### Your task
Among the records below, find the line that has "(* dimension of /\^t K^p (= 'C(p, t)) *)"; from there, give the lines again exactly, and stop after the line that has "(* Matrix of".

(Stored data entries)
---*---

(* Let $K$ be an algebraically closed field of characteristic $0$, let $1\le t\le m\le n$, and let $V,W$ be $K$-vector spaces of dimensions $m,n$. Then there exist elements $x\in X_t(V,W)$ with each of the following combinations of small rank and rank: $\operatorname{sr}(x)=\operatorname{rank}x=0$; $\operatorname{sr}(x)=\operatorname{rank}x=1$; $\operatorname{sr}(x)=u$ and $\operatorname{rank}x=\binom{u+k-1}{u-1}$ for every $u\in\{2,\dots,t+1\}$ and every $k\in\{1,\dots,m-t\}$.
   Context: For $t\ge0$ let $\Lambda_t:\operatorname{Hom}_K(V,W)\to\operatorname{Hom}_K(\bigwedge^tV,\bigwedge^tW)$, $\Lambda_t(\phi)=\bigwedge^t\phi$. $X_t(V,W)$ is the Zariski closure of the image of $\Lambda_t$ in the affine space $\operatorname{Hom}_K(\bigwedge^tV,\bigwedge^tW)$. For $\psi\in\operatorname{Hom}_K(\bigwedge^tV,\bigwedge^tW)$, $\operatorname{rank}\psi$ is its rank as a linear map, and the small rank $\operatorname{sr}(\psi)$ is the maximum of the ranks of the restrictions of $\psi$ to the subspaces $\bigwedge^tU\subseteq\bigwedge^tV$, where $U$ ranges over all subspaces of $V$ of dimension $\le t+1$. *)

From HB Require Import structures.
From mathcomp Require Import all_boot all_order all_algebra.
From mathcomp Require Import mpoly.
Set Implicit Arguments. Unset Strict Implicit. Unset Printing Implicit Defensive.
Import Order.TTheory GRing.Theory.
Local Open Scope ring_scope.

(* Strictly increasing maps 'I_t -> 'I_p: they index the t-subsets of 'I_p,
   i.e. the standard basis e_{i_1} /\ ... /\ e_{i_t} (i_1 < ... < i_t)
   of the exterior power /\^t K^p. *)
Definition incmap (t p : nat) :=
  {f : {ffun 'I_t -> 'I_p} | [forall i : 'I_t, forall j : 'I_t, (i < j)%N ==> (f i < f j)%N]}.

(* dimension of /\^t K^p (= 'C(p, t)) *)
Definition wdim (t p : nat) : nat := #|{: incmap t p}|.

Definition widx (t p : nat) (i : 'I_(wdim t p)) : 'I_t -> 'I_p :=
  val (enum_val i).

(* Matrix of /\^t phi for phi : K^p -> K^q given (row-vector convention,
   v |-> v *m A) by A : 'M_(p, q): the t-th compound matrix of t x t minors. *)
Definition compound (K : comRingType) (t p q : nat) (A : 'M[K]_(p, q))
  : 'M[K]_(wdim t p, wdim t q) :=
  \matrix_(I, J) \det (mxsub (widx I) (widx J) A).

---*---

### Expected output
(* dimension of /\^t K^p (= 'C(p, t)) *)
Definition wdim (t p : nat) : nat := #|{: incmap t p}|.

Definition widx (t p : nat) (i : 'I_(wdim t p)) : 'I_t -> 'I_p :=
  val (enum_val i).

(* Matrix of /\^t phi for phi : K^p -> K^q given (row-vector convention,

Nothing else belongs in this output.